DATA PROVIDED:
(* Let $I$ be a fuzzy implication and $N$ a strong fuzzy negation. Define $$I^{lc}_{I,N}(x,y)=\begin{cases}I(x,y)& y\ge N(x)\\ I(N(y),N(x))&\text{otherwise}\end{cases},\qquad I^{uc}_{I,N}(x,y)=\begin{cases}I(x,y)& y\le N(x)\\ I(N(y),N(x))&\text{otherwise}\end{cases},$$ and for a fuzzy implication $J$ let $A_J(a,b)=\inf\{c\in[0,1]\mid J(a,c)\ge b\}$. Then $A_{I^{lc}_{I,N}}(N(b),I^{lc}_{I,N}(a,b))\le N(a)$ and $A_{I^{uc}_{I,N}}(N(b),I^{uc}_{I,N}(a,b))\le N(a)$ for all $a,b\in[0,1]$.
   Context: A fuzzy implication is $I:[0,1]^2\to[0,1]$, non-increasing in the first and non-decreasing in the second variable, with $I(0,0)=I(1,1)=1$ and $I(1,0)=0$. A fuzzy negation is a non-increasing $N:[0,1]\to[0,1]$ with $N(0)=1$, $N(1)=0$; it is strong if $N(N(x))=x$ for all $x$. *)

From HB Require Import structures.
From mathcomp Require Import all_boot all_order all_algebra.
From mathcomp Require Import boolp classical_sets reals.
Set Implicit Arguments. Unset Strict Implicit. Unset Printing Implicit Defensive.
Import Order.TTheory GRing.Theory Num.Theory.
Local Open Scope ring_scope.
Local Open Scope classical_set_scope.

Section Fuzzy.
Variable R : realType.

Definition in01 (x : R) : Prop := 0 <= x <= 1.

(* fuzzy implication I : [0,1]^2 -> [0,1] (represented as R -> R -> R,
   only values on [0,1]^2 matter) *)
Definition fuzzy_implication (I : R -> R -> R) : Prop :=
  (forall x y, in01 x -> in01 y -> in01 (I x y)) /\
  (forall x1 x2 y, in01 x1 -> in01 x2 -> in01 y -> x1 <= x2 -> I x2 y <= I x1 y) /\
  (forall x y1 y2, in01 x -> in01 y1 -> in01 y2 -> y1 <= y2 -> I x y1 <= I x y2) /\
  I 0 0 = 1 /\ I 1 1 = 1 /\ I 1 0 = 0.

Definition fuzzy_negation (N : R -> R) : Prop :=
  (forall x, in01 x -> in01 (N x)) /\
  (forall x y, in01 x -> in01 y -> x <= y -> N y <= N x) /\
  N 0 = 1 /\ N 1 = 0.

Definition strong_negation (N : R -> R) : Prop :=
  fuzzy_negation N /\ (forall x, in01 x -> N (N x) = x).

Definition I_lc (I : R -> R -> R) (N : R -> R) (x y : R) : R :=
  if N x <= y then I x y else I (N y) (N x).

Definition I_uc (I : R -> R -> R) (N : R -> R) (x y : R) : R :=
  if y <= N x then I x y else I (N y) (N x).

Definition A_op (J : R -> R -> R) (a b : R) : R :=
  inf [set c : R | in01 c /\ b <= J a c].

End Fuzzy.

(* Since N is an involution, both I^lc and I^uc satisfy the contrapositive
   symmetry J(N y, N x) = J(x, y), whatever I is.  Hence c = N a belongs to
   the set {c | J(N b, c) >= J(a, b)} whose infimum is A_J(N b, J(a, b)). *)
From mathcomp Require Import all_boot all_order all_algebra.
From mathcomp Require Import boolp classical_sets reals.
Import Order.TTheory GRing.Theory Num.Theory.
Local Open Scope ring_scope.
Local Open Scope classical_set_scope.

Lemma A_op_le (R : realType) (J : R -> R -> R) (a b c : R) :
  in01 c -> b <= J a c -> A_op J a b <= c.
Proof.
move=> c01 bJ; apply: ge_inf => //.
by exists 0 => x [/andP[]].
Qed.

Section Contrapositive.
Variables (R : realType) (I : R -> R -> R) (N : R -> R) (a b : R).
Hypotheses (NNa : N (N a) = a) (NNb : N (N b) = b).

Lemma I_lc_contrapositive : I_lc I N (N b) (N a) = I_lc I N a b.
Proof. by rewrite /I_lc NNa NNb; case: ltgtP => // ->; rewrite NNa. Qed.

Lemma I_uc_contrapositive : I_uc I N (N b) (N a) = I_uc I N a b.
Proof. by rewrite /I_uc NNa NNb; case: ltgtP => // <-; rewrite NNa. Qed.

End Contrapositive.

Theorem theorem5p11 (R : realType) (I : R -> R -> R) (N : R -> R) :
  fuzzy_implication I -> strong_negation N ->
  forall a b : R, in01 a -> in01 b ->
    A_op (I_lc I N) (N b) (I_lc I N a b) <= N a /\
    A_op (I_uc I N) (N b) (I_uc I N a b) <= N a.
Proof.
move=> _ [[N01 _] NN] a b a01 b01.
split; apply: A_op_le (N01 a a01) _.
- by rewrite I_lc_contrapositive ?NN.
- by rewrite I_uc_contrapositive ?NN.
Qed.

ASSIGNMENT:
List every line above containing the word "move".

SOLUTION BELOW:
move=> c01 bJ; apply: ge_inf => //.
move=> _ [[N01 _] NN] a b a01 b01.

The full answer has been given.